O Programa de Residências do Teatro Vila Velha ativa mais um ciclo de formação, troca e criação, e nesta edição ocupa as instalações do Museu de Arte da Bahia. Em constante diálogo e experimentação, o projeto segue conectando saberes e fazeres artísticos dos quatro cantos do mundo nas mais variadas vertentes e linguagens, reunindo agora diversos talentos do Brasil, do Equador, da Polônia e de Portugal.
O fluxo contínuo de trabalho se retroalimenta em um intercâmbio iniciado no ano de 2016 e idealizado por Cristina Castro e Joanna Leśnierowska, iniciativa que agora gera mais um fruto com o Projeto Yanka Rudzka Colheita.
Retomando os laços criativos e colaborativos com os artistas de países lusófonos, o equipamento cultural soteropolitano se une mais uma vez à dramaturgia portuguesa através da obra “Além as estrelas são a nossa casa”, do autor Abel Neves.
A Companhia Teatro dos Novos, sob a direção da atriz Chica Carelli, propõe a encenação de quatro peças dessa obra a partir do tempo presente e com o texto no centro do trabalho.
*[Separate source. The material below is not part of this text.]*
(* Let $\mathcal{A},\mathcal{C}$ be small categories and $\Gamma,P:\mathcal{A}^{op}\times\mathcal{A}\times\mathcal{C}^{op}\times\mathcal{C}\to\mathbf{Set}$ functors. Let $S_1$ be the set of dinatural transformations, dinatural in $(z,x)\in\mathcal{A}\times\mathcal{C}$, from $(z',z,x',x)\mapsto\Gamma(z',z,x',x)$ to $(z',z,x',x)\mapsto P(z',z,x',x)$ (components $h_{z,x}:\Gamma(z,z,x,x)\to P(z,z,x,x)$), and let $S_2$ be the set of dinatural transformations, dinatural in $(a,b,x)\in\mathcal{A}^{op}\times\mathcal{A}\times\mathcal{C}$, from $(a',b',x',a,b,x)\mapsto\hom_{\mathcal{A}}(a,b)\times\Gamma(b',a',x',x)$ to $(a',b',x',a,b,x)\mapsto P(a,b,x',x)$ (components $\alpha_{a,b,x}:\hom_{\mathcal{A}}(a,b)\times\Gamma(b,a,x,x)\to P(a,b,x,x)$). Then there is a bijection $J:S_1\to S_2$, natural in $\Gamma$ and $P$, such that $J(h)_{z,z,x}(\mathrm{id}_z,k)=h_{z,x}(k)$ for all $z\in\mathcal{A}$, $x\in\mathcal{C}$, $k\in\Gamma(z,z,x,x)$; its inverse sends $\alpha\in S_2$ to the family $k\mapsto\alpha_{z,z,x}(\mathrm{id}_z,k)$.
   Context: For difunctors $F,G:\mathcal{B}^{op}\times\mathcal{B}\to\mathcal{D}$, a dinatural transformation $\alpha:F\Rightarrow G$ is a family $\alpha_x:F(x,x)\to G(x,x)$, $x\in\mathcal{B}$, such that for every $f:a\to b$: $G(f,\mathrm{id}_b)\circ\alpha_b\circ F(\mathrm{id}_b,f)=G(\mathrm{id}_a,f)\circ\alpha_a\circ F(f,\mathrm{id}_a)$. When $\mathcal{B}$ is a product of categories, the arguments of functors $\mathcal{B}^{op}\times\mathcal{B}\to\mathbf{Set}$ are reordered freely, and dinaturality is with respect to objects of the product category. In $(a',b',x',a,b,x)$ the primed arguments are the contravariant ones ($a'\in\mathcal{A}$, $b'\in\mathcal{A}^{op}$, $x'\in\mathcal{C}^{op}$). *)

Set Implicit Arguments.
Unset Strict Implicit.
O processo realizado em uma imersão interna conta com sete nomes no elenco e promove o encontro entre a trajetória da companhia e o fôlego urbano.
O resultado da residência será compartilhado com o público em uma apresentação única no dia 24 de maio, às 16h, com entrada gratuita.
O cineasta e ator paulista Renan Rovida apresenta a mostra da residência “Experimentos de Som e Imagem entre o Real e o Ficcional”, resultado de uma imersão prática na linguagem cinematográfica contemporânea focada na dissolução das fronteiras entre o documentário e a ficção.
Os participantes percorreram todas as etapas da construção de um filme ao utilizar espaços reais como matéria-prima. O premiado realizador possui a sua trajetória marcada pelo cinema autoral, integrou o elenco de mais de 25 longas-metragens e une a prática da realização à investigação estética. O evento da mostra ocorre também no dia 24 de maio, às 17h, no auditório do Museu de Arte da Bahia com acesso gratuito.
O artista cênico, docente e pesquisador equatoriano David Albarracín, que acumula mais de 10 anos de experiência profissional, propôs aos selecionados uma travessia por meio da Dança de Contato Improvisação e da deriva urbana.
Ao longo de três semanas, o improviso e o acaso das ruas de Salvador foram exercícios para tensionar questões sobre cidadania, corpo e coletividade em um percurso intensivo de escuta e movimento, buscando transformar a experiência da cidade em um acontecimento cênico. A performance será apresentada no dia 24 de maio, às 18h, de forma gratuita.